Definition is_limit {O : Type} (lt : O -> O -> Prop) (l : O) : Prop :=
  (exists a, lt a l) /\ (forall a, lt a l -> exists b, lt a b /\ lt b l).

(* (O, lt) is a well-order of order type kappa^+, where kappa = |K| is infinite:
   every proper initial segment has cardinality <= kappa, and O itself does not. *)
Definition is_succ_card (K : Type) (O : Type) (lt : O -> O -> Prop) : Prop :=
  card_le nat K /\
  well_founded lt /\
  (forall a b c, lt a b -> lt b c -> lt a c) /\
  (forall a b, lt a b \/ a = b \/ lt b a) /\
  (forall a, card_le {b : O | lt b a} K) /\
  ~ card_le O K.

Definition club {O : Type} (lt : O -> O -> Prop) (C : O -> Prop) : Prop :=
  (forall a, exists b, C b /\ (lt a b \/ a = b)) /\
  (forall l, is_limit lt l ->
     (forall a, lt a l -> exists b, C b /\ (lt a b \/ a = b) /\ lt b l) -> C l).

Definition stationary {O : Type} (lt : O -> O -> Prop) (S : O -> Prop) : Prop :=
  forall C, club lt C -> exists a, S a /\ C a.

Definition destruction_seq (V : Type) (O : Type) (lt : O -> O -> Prop)
  (A : O -> V -> Prop) : Prop :=
  (forall a b, lt a b -> forall x, A a x -> A b x) /\
  (forall l, is_limit lt l -> forall x, A l x <-> exists a, lt a l /\ A a x) /\
  (forall a, card_lt {x : V | A a x} O) /\
  (forall x, exists a, A a x).

(* V_alpha = (V \ A_alpha) u f^{-1}(kappa^+) *)
Definition V_al {V : Type} {O : Type} (f : V -> Type) (A : O -> V -> Prop) (a : O)
  (x : V) : Prop := ~ A a x \/ card_eq (f x) O.

Definition Vt_al {V : Type} {O : Type} (f : V -> Type) (A : O -> V -> Prop) (a : O) : Type :=
  {x : V | V_al f A a x}.
Lemma rauzy_move_irreducible e p q :
  rauzy_move e p q -> is_pair p -> irreducible p -> irreducible q.
Proof.
case=> z [Hz [Hsame Hother]] Hp Hi k; rewrite cardsT => hk.
have Hshift b : q (~~ e) b = shift_after (p (~~ e) z) (p (~~ e) b) := Hother b.
have [hkz | hzk] := leqP k (p (~~ e) z).
  have low e' c : (q e' c <= k) = (p e' c <= k).
    have [-> | ne] := eqVneq e' e; first by rewrite Hsame.
    have -> : e' = ~~ e by destruct e, e'.
    by rewrite Hshift /shift_after; have := pair_bound (~~ e) c Hp; splitif; nlia.
  have := Hi k; rewrite cardsT => /(_ hk) /negP nsplit.
  apply/negP => /eqP/setP Ek; apply: nsplit; apply/eqP/setP => c.
  by have := Ek c; rewrite !inE !low.
(* [z] is last in row [e] but not beyond [k] in the other row. *)
apply/negP => /eqP/setP/(_ z); rewrite !inE.
have qz : q e z = n by rewrite Hsame.
have qz' : q (~~ e) z = p (~~ e) z by rewrite Hshift /shift_after leqnn.
by destruct e; rewrite /= in qz qz' hzk; rewrite qz qz'; nlia.
Qed.

Lemma rauzy_class_pair p q : in_rauzy_class p q -> is_pair p -> is_pair q.
Proof.
elim=> [x y [e Hm] | // | x y w _ IH1 _ IH2]; first exact: rauzy_move_pair Hm.
by move=> /IH1.
Qed.

Lemma rauzy_class_irreducible p q :
  in_rauzy_class p q -> is_pair p -> irreducible p -> irreducible q.
Proof.
elim=> [x y [e Hm] | // | x y w Hxy IH1 _ IH2] Hx Hix.
  exact: rauzy_move_irreducible Hm Hx Hix.
exact: IH2 (rauzy_class_pair Hxy Hx) (IH1 Hx Hix).
Qed.

(* [rot j r] cyclically shifts the positions [j+1 .. n] up by [r]: this is what
   [r] consecutive moves of type [e] do to row [~~ e], [j] being the position in
   row [~~ e] of the last letter of row [e]. *)
Definition rot j r v := if v <= j then v else if v + r <= n then v + r else v + r - (n - j).

Definition rotate e j r p : pairT A :=
  fun e' b => if e' == e then p e' b else rot j r (p e' b).

Lemma rotate_same e j r p b : rotate e j r p e b = p e b.
Proof. by rewrite /rotate eqxx. Qed.

Lemma rotate_other e j r p b : rotate e j r p (~~ e) b = rot j r (p (~~ e) b).
Proof. by rewrite /rotate; case: e. Qed.

Lemma rot_low j r v : v <= j -> rot j r v = v.
Proof. by rewrite /rot => ->. Qed.

Lemma rot_last j v : j < v <= n -> rot j (n - v) v = n.
Proof. by rewrite /rot; splitif; nlia. Qed.

Lemma rotate0 e j p : is_pair p -> rotate e j 0 p = p.
Proof.
move=> Hp; apply: functional_extensionality => e'.
apply: functional_extensionality => b; rewrite /rotate /rot addn0.
by have /andP [_ ->] := pair_bound e' b Hp; case: ifP => //; case: ifP.
Qed.

Lemma rotate_move e j r p z : is_pair p -> p e z = n -> p (~~ e) z = j -> r < n - j ->
  rauzy_move e (rotate e j r p) (rotate e j r.+1 p).
Proof.
move=> Hp Hz Hj hr; exists z; split; first by rewrite rotate_same.
split=> b; first by rewrite !rotate_same.
rewrite !rotate_other Hj; have := pair_bound (~~ e) b Hp.
by rewrite /rot; splitif; nlia.
Qed.

Lemma rauzy_class_rotate e j r p z : is_pair p -> p e z = n -> p (~~ e) z = j ->
  r <= n - j -> in_rauzy_class p (rotate e j r p).
Proof.
move=> Hp Hz Hj; elim: r => [|r IHr] hr; first by rewrite rotate0 //; exact: rt_refl.
apply: (rt_trans _ _ _ _ _ (IHr (ltnW hr))); apply: rt_step; exists e.
exact: rotate_move Hp Hz Hj hr.
Qed.

Section Descent.
Variables (p : pairT A) (k : nat).
Hypothesis Hp : is_pair p.
Hypothesis Hi : irreducible p.
Hypothesis k_min : forall q d, in_rauzy_class p q -> q false d = n -> k <= q true d.

Lemma min_le_bottom_above_last q c d : in_rauzy_class p q ->
  q true c = n -> q false c < q false d -> k <= q true d.
Proof.
move=> Hpq Hc Hcd; have Hq := rauzy_class_pair Hpq Hp.
have hd := pair_bound false d Hq.
pose q' := rotate true (q false c) (n - q false d) q.
have Hqq' : in_rauzy_class q q' by apply: (rauzy_class_rotate (z := c)) => //; nlia.
have hlast : q false c < q false d <= n by nlia.
have := k_min (d := d) (rt_trans _ _ _ _ _ Hpq Hqq').
by rewrite /q' /rotate /= rot_last //; apply.
Qed.

Lemma min_le_top q al c : in_rauzy_class p q ->
  q false al = n -> q true al = k -> k <= q true c -> k <= q false c.
Proof.
move=> Hpq Hal Hal' hc; have Hq := rauzy_class_pair Hpq Hp.
have := pair_bound true al Hq; have := pair_bound false c Hq; rewrite Hal' => hcb hk.
have [-> | ne] := eqVneq c al; first by rewrite Hal; nlia.
have hne : q true c != k by rewrite -Hal' pair_eq.
have {hne}hc : k < q true c by nlia.
(* Making [c] last in the bottom row moves the top row nowhere. *)
pose q' := rotate false k (n - q true c) q.
have Hpq' : in_rauzy_class p q'.
  apply: (rt_trans _ _ _ _ _ Hpq); apply: (rauzy_class_rotate (z := al)) => //; nlia.
have q'c : q' true c = n.
  by rewrite /q' /rotate /= rot_last //; have := pair_bound true c Hq; nlia.
have low : [set c' | q true c' <= k.-1] \subset [set c' | q false c' <= (q false c).-1].
  apply/subsetP => c'; rewrite !inE => hc'k.
  have : q false c' != q false c.
    by rewrite pair_eq //; apply/negP => /eqP Ec; move: hc'k; rewrite Ec; nlia.
  case: (leqP (q false c') (q false c).-1) => // hlt hneq.
  have := min_le_bottom_above_last (d := c') Hpq' q'c.
  have hlow : q true c' <= k by nlia.
  rewrite /q' /rotate /= rot_low //.
  by move/(_ ltac:(nlia)); nlia.
by have := subset_leq_card low; rewrite !card_pair_le //; nlia.
Qed.

Lemma min_last_bottom q al : in_rauzy_class p q ->
  q false al = n -> q true al = k -> k = 1.
Proof.
move=> Hpq Hal Hal'; have Hq := rauzy_class_pair Hpq Hp.
have Hqi := rauzy_class_irreducible Hpq Hp Hi.
have := pair_bound true al Hq; rewrite Hal' => hk.
case: (ltnP 1 k) => [hk1 | ]; last by nlia.
have sub : [set c | q false c <= k.-1] \subset [set c | q true c <= k.-1].
  apply/subsetP => c; rewrite !inE; apply: contraTT; rewrite -!ltnNge => hc.
  have : k <= q false c by apply: (min_le_top Hpq Hal Hal'); nlia.
  by nlia.
have Heq : [set c | q false c <= k.-1] = [set c | q true c <= k.-1].
  by apply/eqP; rewrite eqEcard sub !card_pair_le //; nlia.
have := Hqi k.-1; rewrite cardsT => /(_ ltac:(nlia)) /negP; case.
by apply/eqP/setP => c; have := Heq; move/setP/(_ c); rewrite !inE.
Qed.

End Descent.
----
What is required: Repeat exactly the lines above, starting with the first line of the records and finishing with the line holding "V | V_al f A". Add no other line.

Output of the task:
Definition is_limit {O : Type} (lt : O -> O -> Prop) (l : O) : Prop :=
  (exists a, lt a l) /\ (forall a, lt a l -> exists b, lt a b /\ lt b l).

(* (O, lt) is a well-order of order type kappa^+, where kappa = |K| is infinite:
   every proper initial segment has cardinality <= kappa, and O itself does not. *)
Definition is_succ_card (K : Type) (O : Type) (lt : O -> O -> Prop) : Prop :=
  card_le nat K /\
  well_founded lt /\
  (forall a b c, lt a b -> lt b c -> lt a c) /\
  (forall a b, lt a b \/ a = b \/ lt b a) /\
  (forall a, card_le {b : O | lt b a} K) /\
  ~ card_le O K.

Definition club {O : Type} (lt : O -> O -> Prop) (C : O -> Prop) : Prop :=
  (forall a, exists b, C b /\ (lt a b \/ a = b)) /\
  (forall l, is_limit lt l ->
     (forall a, lt a l -> exists b, C b /\ (lt a b \/ a = b) /\ lt b l) -> C l).

Definition stationary {O : Type} (lt : O -> O -> Prop) (S : O -> Prop) : Prop :=
  forall C, club lt C -> exists a, S a /\ C a.

Definition destruction_seq (V : Type) (O : Type) (lt : O -> O -> Prop)
  (A : O -> V -> Prop) : Prop :=
  (forall a b, lt a b -> forall x, A a x -> A b x) /\
  (forall l, is_limit lt l -> forall x, A l x <-> exists a, lt a l /\ A a x) /\
  (forall a, card_lt {x : V | A a x} O) /\
  (forall x, exists a, A a x).

(* V_alpha = (V \ A_alpha) u f^{-1}(kappa^+) *)
Definition V_al {V : Type} {O : Type} (f : V -> Type) (A : O -> V -> Prop) (a : O)
  (x : V) : Prop := ~ A a x \/ card_eq (f x) O.

Definition Vt_al {V : Type} {O : Type} (f : V -> Type) (A : O -> V -> Prop) (a : O) : Type :=
  {x : V | V_al f A a x}.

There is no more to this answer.